Montvalezan community consists of 44 hamlets and 14 chapels
Montvalezan community is located in the heart of the High Tarentaise mountains, in Savoy department. It spans on the southern side over 2590 hectares, from 850m to 2900m. Its territory is part of La Vanoise National Park outskirts. The commune consists of 44 hamlets, only 34 of them are inhabited. It has a population of 692 inhabitants. There are 11000 beds intended for tourists in La Rosière. For many years and expecially on Sundays, the liveliest village was the county town, where a parish building complex is : a tower, a church and a presbytery. The tower, built in 1674, is classified as Historic Monument. It was an outbuilding of the Petit-Saint-Bernard Hospice, attended at times by canons. Saint Jean-Baptiste church was consecrated in 1688 during the expansion period of baroque art in High Tarentaise. It is now open to the public every Thursday from 4PM till 6PM in July and August.
Hamlets
Wood, stones and "lauzes" - schist roof slates - are the basics of traditional Savoyard architecture. Lauzes are extracted from the 2300m high quarry, summer time only, then carried on foot to the construction sites. The many hamlets along "La Route des villages" are the best evidence of this traditional architecture. In every village, houses built either on a ledge or against the hillside are tightly packed around a small rustic chapel. Sturdy, practical and harmonious, they are well adapted to the harshness of the alpine weather. Thick dry stone walls are capped by a robust wooden frame that can bear the heavy weight of roof slabs and snow. Designed at first for agricultural purposes, traditional dwellings have been restored and rearranged to allow permanent, seasonal and touristic living.
Chapels
The 14 chapels of Montvalezan commune are a recognized heritage, witness of the past.

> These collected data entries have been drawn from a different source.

(* Let $\Bbbk$ be a field, $H$ a Hopf $\Bbbk$-algebra with bijective antipode, and $A$ a left $H$-module $\Bbbk$-algebra. (a) If the map $\kappa_H\colon\operatorname{Spec} A\to H\text{-}\operatorname{Spec} A$, $P\mapsto P\!:\!H$, is surjective and $A$ has the Jacobson property, then every $H$-locally closed $H$-prime ideal of $A$ is $H$-primitive. (b) If $A$ satisfies the weak Nullstellensatz, then every $H$-primitive ideal of $A$ is $H$-rational.
   Context: A left $H$-module algebra is a $\Bbbk$-algebra $A$ with $1$ that is a left $H$-module via $h\otimes a\mapsto h.a$ such that $h.(ab)=(h_1.a)(h_2.b)$ and $h.1=\varepsilon(h)1$. An $H$-ideal is a two-sided ideal which is an $H$-submodule; an $H$-ideal $I$ is $H$-prime if $A/I\ne0$ and the product of any two nonzero $H$-ideals of $A/I$ is nonzero; $H\text{-}\operatorname{Spec} A$ is the set of $H$-primes. For an ideal $P$, $P\!:\!H=\{a\in A\mid H.a\subseteq P\}$. An $H$-prime $I$ is $H$-locally closed if $I \subsetneq \bigcap\{J\in H\text{-}\operatorname{Spec} A \mid J\supsetneq I\}$ (i.e. $\{I\}$ is locally closed in the topology on $H\text{-}\operatorname{Spec} A$ with closed sets $\{Q\mid Q\supseteq S\}$); $I$ is $H$-primitive if $I=P\!:\!H$ for some primitive ideal $P$ of $A$. For a ring $R$, $\operatorname{Q} R$ is the symmetric (Martindale) ring of quotients, $\mathcal{C} R$ its center, $D_q=\{r\in R\mid qRr\subseteq R,\ rRq\subseteq R\}$; for an $H$-module algebra $B$, $\mathcal{C}^H B=\{q\in\mathcal{C} B \mid h.(dq)=(h.d)q,\ h.(qd)=q(h.d)\ \forall h\in H, d\in D_q\}$. An $H$-prime $I$ is $H$-rational if the field $\mathcal{C}^H(A/I)$ is algebraic over $\Bbbk$. $A$ has the Jacobson property if every prime ideal of $A$ is an intersection of primitive ideals. $A$ satisfies the weak Nullstellensatz if for every irreducible left $A$-module $V$ the division algebra $\operatorname{End}_A(V)$ is algebraic over $\Bbbk$. *)

From mathcomp Require Import all_boot all_order all_algebra.
Set Implicit Arguments. Unset Strict Implicit. Unset Printing Implicit Defensive.
Import GRing.Theory.
Local Open Scope ring_scope.

Definition incl (T : Type) (I J : T -> Prop) : Prop := forall x, I x -> J x.

(* Tensors.  An element of U (x) V is represented by a finite list of pure   *)
(* tensors  sum_i u_i (x) v_i ; two representatives are equal in U (x) V iff *)
(* every k-bilinear map out of U x V takes the same value on them (universal *)
(* property of the tensor product).  Likewise for U (x) V (x) X.            *)
Section Tensor.
Variable k : fieldType.

Definition bilinear_map (U V W : lmodType k) (f : U -> V -> W) : Prop :=
  (forall (a : k) x y v, f (a *: x + y) v = a *: f x v + f y v) /\
  (forall (a : k) u x y, f u (a *: x + y) = a *: f u x + f u y).

Definition trilinear_map (U V X W : lmodType k) (f : U -> V -> X -> W) : Prop :=
  [/\ (forall (a : k) x y v w, f (a *: x + y) v w = a *: f x v w + f y v w),
      (forall (a : k) u x y w, f u (a *: x + y) w = a *: f u x w + f u y w) &
      (forall (a : k) u v x y, f u v (a *: x + y) = a *: f u v x + f u v y)].

Definition tsum (U V W : lmodType k) (f : U -> V -> W) (t : seq (U * V)) : W :=
  \sum_(p <- t) f p.1 p.2.
End Tensor.
Lemma quad_form_nonneg A B C e1 e2 :
  0 < C -> B ^ 2 <= 4 * A * C -> 0 <= A * e1 ^ 2 + B * e1 * e2 + C * e2 ^ 2.
Proof.
  intros hC hD.
  assert (E : 4 * C * (A * e1 ^ 2 + B * e1 * e2 + C * e2 ^ 2)
              = (2 * C * e2 + B * e1) ^ 2 + (4 * A * C - B ^ 2) * e1 ^ 2) by ring.
  assert (0 <= (2 * C * e2 + B * e1) ^ 2 + (4 * A * C - B ^ 2) * e1 ^ 2).
  { apply Rplus_le_le_0_compat; [apply pow2_ge_0|].
    apply Rmult_le_pos; [lra | apply pow2_ge_0]. }
  nra.
Qed.

Lemma convex_quad_le al be ga a b x M :
  0 <= al -> a <= x <= b ->
  al * a ^ 2 + be * a + ga <= M -> al * b ^ 2 + be * b + ga <= M ->
  al * x ^ 2 + be * x + ga <= M.
Proof.
  intros hal hx ha hb.
  destruct (Req_dec a b) as [<- | hab].
  - replace x with a by lra; exact ha.
  - assert (E : (b - a) * (al * x ^ 2 + be * x + ga)
                = (b - x) * (al * a ^ 2 + be * a + ga) + (x - a) * (al * b ^ 2 + be * b + ga)
                  - al * (x - a) * (b - x) * (b - a)) by ring.
    assert (0 <= al * (x - a) * (b - x) * (b - a)).
    { repeat apply Rmult_le_pos; lra. }
    apply Rmult_le_reg_l with (b - a); [lra|]. nra.
Qed.

Lemma abs_lt_of_sq_lt L l : 0 < l -> L ^ 2 < l ^ 2 -> - l < L < l.
Proof.
  intros hl hL; rewrite <- !Rsqr_pow2 in hL.
  apply Rsqr_lt_abs_0 in hL; rewrite (Rabs_pos_eq l) in hL by lra.
  apply Rabs_def2 in hL; lra.
Qed.

Lemma exists_residue c r : 0 < c -> exists p : Z, 0 <= r - c * IZR p < c.
Proof.
  intros hc; exists (Int_part (r / c)).
  destruct (base_Int_part (r / c)) as [h1 h2].
  assert (E : r = c * (r / c)) by (field; lra).
  split; nra.
Qed.

Section TribonacciConstant.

Most of them built during the 17th century, or even before, they were constructed by our ancestors, to thank for a blessing, to express their faith or to tell about their lives, their suffering and their hopes. These secondary places of worship (churches being the primary ones) are located in the village's centre.
Each of these 14 chapels is dedicated to a saint : named after a donor, or a well-known or local saint :
Le Champ : Notre-Dame de Fourvière
La Rochette : Notre-Dame de la Pitié
Le Griotteray : Saint-Joseph
Le Solliet : Sainte-Barbe
Le Villaret : Saint-André
Le Crey : Notre-Dame de Liesse
Les Moulins : Saint-Martin
Le Mousselard : Saint-Barthélémy
Les Laix : Saint-Roch
Le Châtelard : Saint-Alexis et Saint-Michel
La Combaz : Saint-Jacques
Hauteville : Sainte-Anne
La Rosière : Sainte Jeanne d’Arc.
The Chapel Association
Since 1993, this association restores all chapels in collaboration with elected representatives. Works are undergone by volunteers, or thanks to donations and local subsidies by paid craftsmen.
Coup de coeur : Chatelard's chapel
This chapel towers over the High Tarentaise valley at an altitude of 1500m in the village of Chatelard (whose etymology would be "castellarium" : a concentration of houses around a castle).
The small chapel that existed in 1633 was rebuilt in 1869, enhanced and decorated in 1914. It suffered from bombings in 1944, so it was again restored. Like most of churches/chapels on high ground, it is mainly dedicated to Saint-Michel.
Its steeple keeps the oldest bell of the commune, it was melted in 1559 and moved from Montvalezan to Châtelard in order to stay beyond revolutionary troops' reach. Even though processions, blessings, mess and weddings no longer take place in it, the chapel's Angelus bell still sets the pace of Montvalezan inhabitants.